%%

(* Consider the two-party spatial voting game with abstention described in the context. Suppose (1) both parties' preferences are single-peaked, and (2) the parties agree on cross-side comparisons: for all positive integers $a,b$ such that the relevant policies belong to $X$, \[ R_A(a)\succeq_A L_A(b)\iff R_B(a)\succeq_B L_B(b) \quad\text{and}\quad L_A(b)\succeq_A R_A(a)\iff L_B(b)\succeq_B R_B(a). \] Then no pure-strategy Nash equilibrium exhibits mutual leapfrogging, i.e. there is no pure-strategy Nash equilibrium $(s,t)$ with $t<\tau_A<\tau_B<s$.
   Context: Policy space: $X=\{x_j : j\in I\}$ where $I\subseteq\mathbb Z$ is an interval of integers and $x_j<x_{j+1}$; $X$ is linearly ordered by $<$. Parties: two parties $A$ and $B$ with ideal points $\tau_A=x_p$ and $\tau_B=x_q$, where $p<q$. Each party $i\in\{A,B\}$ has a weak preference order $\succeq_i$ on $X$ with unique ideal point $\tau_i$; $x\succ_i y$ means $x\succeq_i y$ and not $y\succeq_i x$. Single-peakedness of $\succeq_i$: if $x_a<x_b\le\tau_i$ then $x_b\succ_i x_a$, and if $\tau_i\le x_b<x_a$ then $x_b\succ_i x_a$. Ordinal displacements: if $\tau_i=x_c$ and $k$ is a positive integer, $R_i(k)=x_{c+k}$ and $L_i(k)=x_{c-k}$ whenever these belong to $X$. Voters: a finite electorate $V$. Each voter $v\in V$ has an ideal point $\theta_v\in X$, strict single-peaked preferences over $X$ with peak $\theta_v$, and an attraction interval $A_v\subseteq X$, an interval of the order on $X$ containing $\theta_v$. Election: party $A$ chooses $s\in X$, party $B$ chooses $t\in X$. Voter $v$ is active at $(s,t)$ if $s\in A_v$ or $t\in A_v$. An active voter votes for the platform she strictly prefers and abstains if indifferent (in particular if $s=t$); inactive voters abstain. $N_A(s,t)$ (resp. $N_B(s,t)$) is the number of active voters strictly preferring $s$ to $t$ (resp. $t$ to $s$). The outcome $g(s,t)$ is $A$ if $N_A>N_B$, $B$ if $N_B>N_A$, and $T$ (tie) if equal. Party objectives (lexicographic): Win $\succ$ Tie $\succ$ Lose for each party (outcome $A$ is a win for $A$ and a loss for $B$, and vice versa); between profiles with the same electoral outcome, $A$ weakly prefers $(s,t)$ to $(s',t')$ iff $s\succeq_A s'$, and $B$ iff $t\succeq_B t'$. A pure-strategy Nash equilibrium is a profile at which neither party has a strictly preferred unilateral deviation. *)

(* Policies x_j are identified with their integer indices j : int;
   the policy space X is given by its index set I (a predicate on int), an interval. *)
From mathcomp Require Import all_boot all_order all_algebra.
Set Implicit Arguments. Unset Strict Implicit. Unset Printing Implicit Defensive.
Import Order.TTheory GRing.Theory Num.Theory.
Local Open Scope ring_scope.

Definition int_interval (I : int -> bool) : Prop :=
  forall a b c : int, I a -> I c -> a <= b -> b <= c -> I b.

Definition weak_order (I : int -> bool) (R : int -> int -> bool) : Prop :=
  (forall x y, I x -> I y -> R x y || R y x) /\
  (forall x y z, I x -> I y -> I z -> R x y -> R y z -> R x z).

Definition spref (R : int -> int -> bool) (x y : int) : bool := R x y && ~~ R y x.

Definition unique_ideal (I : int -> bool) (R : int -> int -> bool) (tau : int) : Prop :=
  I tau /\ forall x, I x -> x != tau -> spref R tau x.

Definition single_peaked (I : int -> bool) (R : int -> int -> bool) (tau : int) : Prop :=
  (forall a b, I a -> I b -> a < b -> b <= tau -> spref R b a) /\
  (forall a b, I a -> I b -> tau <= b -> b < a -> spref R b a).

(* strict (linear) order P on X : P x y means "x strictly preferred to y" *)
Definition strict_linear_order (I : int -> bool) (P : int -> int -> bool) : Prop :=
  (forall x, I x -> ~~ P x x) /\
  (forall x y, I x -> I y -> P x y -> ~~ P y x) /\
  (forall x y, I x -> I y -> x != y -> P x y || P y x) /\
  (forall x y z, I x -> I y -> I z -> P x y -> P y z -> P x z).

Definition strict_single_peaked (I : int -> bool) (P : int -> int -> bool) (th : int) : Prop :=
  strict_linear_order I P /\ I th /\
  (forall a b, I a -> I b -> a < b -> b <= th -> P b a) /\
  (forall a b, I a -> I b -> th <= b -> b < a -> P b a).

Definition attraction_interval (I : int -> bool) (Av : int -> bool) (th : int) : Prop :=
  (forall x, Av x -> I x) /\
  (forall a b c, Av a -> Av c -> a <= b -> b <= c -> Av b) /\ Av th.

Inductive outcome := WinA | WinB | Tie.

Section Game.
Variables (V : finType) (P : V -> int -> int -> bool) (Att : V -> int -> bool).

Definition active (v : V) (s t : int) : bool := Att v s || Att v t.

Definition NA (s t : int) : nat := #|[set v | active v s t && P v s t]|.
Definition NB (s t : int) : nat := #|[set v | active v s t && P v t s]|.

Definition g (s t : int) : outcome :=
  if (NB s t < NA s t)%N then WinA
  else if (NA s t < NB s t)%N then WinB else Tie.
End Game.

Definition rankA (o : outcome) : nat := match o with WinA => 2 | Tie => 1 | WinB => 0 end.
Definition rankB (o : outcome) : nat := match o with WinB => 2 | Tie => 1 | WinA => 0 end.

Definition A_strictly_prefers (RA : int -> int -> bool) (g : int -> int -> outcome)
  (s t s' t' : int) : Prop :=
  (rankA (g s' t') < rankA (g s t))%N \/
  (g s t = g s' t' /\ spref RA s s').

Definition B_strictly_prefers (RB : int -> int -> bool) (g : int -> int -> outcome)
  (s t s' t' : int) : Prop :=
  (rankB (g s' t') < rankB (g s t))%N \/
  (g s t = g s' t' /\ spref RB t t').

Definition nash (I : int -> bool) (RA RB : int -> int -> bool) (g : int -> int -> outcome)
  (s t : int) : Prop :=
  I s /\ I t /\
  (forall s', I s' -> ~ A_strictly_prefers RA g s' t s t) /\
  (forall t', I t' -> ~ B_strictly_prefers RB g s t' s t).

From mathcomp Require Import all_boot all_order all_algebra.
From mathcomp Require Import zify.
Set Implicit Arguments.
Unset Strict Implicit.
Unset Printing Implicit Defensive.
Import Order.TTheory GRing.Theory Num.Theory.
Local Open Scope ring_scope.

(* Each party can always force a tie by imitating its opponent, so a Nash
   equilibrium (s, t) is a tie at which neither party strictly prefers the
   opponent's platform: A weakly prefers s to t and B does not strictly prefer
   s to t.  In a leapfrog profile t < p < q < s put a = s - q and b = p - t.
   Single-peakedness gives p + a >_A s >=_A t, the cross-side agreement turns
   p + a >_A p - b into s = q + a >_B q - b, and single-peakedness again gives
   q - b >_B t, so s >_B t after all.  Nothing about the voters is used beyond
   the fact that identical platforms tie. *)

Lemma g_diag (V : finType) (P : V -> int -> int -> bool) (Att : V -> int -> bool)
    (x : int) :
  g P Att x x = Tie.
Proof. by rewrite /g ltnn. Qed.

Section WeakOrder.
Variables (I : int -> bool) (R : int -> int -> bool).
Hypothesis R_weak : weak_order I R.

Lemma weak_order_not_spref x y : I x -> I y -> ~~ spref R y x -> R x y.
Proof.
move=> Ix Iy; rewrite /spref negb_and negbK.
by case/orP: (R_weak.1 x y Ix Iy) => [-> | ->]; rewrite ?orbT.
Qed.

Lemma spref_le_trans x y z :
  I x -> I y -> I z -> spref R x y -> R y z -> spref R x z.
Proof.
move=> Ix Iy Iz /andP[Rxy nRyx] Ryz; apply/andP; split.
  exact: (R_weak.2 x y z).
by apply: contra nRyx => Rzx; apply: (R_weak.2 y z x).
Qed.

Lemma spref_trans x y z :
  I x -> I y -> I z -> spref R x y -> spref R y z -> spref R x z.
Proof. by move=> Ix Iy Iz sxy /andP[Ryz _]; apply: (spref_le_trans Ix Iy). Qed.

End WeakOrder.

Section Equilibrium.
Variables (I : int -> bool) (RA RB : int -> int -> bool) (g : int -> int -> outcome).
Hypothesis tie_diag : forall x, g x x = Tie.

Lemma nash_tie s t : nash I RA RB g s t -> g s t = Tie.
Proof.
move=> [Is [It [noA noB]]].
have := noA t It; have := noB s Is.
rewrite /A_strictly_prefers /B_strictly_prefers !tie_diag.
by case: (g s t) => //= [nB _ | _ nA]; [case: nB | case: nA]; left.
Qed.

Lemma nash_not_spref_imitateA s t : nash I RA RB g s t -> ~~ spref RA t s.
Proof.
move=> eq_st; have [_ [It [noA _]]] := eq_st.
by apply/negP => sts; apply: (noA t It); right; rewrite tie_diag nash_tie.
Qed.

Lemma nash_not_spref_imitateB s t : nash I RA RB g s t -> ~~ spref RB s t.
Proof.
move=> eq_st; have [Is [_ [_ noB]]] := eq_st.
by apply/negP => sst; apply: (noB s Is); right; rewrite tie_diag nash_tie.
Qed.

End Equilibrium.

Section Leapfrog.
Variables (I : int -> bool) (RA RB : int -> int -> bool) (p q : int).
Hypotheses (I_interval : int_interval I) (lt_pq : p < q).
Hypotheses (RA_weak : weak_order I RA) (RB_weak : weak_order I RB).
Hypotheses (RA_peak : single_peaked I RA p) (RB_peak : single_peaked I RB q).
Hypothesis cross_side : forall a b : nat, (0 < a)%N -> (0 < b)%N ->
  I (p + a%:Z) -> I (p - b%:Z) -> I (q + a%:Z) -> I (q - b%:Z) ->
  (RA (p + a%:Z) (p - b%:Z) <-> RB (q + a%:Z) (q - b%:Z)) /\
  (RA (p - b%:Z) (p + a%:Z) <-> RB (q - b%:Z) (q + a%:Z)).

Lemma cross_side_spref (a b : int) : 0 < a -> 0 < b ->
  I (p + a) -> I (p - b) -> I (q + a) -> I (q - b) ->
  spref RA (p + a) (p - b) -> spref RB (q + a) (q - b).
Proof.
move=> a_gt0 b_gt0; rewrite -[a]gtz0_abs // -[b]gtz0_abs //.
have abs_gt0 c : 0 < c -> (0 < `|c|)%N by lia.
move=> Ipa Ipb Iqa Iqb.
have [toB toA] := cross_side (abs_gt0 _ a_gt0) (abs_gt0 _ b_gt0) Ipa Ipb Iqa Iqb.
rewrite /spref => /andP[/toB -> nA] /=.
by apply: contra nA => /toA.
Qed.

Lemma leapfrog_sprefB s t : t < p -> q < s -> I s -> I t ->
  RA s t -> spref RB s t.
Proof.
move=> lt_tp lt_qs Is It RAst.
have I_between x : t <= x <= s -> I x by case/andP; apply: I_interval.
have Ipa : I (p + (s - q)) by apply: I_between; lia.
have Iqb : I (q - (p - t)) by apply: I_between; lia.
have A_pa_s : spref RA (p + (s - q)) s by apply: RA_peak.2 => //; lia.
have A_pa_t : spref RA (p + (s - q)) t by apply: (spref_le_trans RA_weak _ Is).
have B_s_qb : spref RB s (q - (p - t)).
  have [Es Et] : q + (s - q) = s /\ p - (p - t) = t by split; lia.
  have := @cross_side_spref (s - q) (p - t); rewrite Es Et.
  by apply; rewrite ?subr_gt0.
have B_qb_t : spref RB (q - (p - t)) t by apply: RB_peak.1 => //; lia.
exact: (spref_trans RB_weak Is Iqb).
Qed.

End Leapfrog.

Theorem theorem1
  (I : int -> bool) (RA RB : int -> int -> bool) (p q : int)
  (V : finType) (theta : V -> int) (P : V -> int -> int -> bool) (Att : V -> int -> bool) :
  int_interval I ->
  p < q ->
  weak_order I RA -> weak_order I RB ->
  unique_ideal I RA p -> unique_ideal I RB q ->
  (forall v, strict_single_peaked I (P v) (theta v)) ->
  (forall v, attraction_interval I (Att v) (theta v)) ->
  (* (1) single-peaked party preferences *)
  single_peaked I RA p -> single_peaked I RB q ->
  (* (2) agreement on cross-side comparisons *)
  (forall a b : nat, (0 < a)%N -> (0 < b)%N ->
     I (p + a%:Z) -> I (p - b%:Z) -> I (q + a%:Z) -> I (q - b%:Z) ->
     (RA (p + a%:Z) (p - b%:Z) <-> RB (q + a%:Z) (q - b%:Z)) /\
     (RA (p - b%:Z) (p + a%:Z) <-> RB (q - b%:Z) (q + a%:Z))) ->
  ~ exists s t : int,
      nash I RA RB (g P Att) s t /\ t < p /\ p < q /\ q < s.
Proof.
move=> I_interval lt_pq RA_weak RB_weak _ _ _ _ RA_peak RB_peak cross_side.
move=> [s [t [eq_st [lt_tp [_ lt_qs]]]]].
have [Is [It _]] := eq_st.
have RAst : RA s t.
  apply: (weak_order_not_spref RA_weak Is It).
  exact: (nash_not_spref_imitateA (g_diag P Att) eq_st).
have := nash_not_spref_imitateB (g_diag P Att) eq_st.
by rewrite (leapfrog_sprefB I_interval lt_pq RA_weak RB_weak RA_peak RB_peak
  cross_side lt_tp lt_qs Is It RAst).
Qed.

%%
%%

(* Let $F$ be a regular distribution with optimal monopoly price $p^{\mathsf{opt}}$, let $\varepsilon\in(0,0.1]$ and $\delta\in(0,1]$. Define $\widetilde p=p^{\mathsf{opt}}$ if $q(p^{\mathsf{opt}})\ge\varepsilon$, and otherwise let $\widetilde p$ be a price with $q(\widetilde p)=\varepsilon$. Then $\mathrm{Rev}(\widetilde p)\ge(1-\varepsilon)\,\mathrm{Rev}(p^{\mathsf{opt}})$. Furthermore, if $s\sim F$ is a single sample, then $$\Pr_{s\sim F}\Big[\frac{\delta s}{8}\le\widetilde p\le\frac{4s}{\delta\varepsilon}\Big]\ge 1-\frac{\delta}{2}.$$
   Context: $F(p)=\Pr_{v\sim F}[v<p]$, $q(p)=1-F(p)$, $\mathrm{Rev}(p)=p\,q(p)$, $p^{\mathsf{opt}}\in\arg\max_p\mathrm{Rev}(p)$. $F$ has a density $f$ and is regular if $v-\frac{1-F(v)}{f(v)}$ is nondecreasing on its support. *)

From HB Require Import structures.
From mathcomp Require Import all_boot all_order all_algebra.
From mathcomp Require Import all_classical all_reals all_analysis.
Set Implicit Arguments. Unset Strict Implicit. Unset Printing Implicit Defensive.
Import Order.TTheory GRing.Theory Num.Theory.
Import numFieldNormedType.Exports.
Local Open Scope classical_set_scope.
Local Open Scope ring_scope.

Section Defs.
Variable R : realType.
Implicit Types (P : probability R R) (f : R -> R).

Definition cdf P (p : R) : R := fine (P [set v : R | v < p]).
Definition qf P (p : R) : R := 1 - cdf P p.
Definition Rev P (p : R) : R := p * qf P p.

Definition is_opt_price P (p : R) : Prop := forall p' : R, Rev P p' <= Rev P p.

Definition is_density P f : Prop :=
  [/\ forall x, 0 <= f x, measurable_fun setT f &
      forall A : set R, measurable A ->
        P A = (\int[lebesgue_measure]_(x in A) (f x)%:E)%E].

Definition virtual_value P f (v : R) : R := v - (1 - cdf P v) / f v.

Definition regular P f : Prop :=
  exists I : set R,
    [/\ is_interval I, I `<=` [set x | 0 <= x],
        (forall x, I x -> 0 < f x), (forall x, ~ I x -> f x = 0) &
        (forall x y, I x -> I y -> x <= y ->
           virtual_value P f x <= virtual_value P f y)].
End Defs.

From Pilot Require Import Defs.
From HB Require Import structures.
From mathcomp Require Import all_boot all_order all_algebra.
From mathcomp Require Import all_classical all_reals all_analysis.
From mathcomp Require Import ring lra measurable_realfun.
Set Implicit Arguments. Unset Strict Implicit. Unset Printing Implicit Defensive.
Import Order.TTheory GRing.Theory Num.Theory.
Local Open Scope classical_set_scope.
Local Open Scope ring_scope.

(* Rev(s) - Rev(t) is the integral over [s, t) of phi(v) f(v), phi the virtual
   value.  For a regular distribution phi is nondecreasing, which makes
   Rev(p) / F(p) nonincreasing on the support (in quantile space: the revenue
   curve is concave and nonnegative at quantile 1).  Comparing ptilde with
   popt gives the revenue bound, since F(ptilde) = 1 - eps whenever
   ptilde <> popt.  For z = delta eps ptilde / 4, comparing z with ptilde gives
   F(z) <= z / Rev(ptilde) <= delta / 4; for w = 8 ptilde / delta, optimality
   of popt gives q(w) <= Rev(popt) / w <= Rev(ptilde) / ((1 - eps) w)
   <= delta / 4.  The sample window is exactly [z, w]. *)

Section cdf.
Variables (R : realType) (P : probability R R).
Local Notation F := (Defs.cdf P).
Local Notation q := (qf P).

%%
%%

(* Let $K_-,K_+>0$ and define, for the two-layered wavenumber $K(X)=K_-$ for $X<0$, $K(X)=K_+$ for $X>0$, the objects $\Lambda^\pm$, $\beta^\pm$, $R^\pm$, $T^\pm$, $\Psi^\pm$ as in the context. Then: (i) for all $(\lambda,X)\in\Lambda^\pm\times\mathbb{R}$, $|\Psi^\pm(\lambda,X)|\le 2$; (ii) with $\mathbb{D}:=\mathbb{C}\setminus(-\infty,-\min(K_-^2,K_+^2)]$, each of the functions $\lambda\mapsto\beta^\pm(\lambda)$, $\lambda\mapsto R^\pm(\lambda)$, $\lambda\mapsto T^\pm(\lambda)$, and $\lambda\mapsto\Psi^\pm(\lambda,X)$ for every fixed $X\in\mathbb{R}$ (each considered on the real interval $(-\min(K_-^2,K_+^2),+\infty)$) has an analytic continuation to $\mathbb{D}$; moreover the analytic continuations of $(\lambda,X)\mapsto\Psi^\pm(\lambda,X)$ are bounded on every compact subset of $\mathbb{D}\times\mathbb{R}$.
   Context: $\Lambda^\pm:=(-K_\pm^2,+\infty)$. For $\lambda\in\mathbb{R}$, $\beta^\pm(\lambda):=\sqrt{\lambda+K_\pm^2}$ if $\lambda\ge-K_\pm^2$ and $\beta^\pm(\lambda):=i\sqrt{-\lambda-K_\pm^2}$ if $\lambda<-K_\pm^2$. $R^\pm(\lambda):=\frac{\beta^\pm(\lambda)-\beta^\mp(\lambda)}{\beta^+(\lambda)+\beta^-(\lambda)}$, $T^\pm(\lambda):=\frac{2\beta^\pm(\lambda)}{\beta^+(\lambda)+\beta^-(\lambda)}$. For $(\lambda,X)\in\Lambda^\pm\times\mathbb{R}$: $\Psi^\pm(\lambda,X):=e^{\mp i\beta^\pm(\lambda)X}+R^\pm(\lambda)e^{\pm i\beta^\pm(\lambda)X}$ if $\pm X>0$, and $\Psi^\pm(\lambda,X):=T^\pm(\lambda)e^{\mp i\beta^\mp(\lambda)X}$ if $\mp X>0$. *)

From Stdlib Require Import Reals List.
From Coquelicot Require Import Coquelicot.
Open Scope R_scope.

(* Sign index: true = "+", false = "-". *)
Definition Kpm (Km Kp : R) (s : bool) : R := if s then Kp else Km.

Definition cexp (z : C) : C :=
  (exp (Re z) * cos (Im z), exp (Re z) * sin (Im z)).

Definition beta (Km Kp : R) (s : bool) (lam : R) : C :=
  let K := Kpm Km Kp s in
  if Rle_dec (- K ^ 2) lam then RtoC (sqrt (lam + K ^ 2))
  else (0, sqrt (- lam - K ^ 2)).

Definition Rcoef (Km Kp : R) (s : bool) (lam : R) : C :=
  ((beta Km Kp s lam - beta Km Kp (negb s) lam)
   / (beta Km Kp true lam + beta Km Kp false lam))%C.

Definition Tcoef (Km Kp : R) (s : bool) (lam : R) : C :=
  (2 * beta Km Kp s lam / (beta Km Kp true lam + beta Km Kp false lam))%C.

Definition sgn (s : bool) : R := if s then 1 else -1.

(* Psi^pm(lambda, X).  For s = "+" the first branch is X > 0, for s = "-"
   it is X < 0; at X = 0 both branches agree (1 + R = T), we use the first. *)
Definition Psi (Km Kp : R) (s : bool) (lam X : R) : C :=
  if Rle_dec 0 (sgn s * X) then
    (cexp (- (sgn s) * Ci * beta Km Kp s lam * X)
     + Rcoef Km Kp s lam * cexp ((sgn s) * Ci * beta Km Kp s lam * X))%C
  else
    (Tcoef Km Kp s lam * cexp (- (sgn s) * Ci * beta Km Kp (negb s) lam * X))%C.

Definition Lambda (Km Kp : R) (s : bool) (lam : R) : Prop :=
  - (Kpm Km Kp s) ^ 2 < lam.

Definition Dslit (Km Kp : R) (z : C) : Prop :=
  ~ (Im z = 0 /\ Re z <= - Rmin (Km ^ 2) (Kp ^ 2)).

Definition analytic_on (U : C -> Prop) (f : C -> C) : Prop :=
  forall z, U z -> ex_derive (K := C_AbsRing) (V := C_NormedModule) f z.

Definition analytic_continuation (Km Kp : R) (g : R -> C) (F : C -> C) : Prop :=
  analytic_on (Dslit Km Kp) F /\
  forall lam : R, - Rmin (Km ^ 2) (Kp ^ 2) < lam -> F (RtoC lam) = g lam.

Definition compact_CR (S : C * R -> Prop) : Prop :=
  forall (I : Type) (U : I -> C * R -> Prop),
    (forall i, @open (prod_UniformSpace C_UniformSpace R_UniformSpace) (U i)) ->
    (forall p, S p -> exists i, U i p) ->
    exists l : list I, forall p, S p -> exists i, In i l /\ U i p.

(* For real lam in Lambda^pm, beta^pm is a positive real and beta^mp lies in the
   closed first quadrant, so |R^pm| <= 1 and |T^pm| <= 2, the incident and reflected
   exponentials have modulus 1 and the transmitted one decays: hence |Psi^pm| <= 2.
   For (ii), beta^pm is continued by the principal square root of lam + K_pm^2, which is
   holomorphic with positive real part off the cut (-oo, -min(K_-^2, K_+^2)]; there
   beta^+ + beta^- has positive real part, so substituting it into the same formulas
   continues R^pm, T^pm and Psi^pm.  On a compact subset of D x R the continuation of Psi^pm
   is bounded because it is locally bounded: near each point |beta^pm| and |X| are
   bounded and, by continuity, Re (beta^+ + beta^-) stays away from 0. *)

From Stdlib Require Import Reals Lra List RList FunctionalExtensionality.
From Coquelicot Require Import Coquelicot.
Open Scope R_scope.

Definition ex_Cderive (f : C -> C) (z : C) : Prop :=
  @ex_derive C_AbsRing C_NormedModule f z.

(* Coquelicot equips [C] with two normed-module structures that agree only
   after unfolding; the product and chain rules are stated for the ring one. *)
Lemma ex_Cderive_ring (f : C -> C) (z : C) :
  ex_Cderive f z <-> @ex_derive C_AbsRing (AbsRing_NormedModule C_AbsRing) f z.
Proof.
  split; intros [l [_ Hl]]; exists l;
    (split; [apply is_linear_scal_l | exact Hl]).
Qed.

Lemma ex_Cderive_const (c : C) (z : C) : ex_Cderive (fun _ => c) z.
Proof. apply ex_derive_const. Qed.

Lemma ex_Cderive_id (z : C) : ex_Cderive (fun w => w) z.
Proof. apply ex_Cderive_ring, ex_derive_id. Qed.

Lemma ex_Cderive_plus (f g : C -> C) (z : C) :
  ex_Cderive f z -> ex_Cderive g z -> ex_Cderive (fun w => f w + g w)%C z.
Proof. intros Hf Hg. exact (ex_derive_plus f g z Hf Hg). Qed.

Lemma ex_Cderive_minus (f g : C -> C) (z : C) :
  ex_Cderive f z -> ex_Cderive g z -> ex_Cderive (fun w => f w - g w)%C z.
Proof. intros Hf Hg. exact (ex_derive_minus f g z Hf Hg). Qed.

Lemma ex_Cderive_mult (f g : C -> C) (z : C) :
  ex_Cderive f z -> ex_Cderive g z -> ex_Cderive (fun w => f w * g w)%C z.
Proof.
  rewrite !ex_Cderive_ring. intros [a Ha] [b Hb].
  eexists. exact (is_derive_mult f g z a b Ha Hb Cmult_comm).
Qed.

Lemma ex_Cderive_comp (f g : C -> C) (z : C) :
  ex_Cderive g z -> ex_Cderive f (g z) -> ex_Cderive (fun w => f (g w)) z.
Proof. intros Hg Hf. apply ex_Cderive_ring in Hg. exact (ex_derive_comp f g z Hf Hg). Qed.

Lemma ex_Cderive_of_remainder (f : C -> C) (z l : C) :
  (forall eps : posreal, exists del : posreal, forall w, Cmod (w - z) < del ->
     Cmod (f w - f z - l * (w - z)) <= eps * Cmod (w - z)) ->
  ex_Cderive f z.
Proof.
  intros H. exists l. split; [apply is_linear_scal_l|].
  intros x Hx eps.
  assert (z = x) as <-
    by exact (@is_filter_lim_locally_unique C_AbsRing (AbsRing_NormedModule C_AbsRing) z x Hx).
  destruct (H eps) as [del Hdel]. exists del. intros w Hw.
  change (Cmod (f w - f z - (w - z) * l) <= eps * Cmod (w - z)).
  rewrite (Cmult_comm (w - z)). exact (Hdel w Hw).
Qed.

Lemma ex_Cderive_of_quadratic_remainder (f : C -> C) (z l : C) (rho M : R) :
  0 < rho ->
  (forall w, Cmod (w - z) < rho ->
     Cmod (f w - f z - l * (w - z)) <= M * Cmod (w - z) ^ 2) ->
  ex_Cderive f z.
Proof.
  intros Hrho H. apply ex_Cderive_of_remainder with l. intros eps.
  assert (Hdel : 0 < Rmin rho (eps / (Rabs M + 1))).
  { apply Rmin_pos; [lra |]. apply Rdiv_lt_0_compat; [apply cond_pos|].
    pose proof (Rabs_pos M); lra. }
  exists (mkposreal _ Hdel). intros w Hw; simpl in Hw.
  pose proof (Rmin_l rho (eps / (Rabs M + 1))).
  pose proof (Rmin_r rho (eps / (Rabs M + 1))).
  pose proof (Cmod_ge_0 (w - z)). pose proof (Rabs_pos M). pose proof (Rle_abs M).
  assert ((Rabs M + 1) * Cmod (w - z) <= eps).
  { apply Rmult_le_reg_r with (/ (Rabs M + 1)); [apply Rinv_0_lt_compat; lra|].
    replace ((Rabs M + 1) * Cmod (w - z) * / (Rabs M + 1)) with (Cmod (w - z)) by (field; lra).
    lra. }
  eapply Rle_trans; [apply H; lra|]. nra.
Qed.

%%

(What to work on) Which lines of the records above contain the word "gives"? Report each one in full.

(Result)
   Single-peakedness gives p + a >_A s >=_A t, the cross-side agreement turns
   p + a >_A p - b into s = q + a >_B q - b, and single-peakedness again gives
   popt gives the revenue bound, since F(ptilde) = 1 - eps whenever
   ptilde <> popt.  For z = delta eps ptilde / 4, comparing z with ptilde gives
   of popt gives q(w) <= Rev(popt) / w <= Rev(ptilde) / ((1 - eps) w)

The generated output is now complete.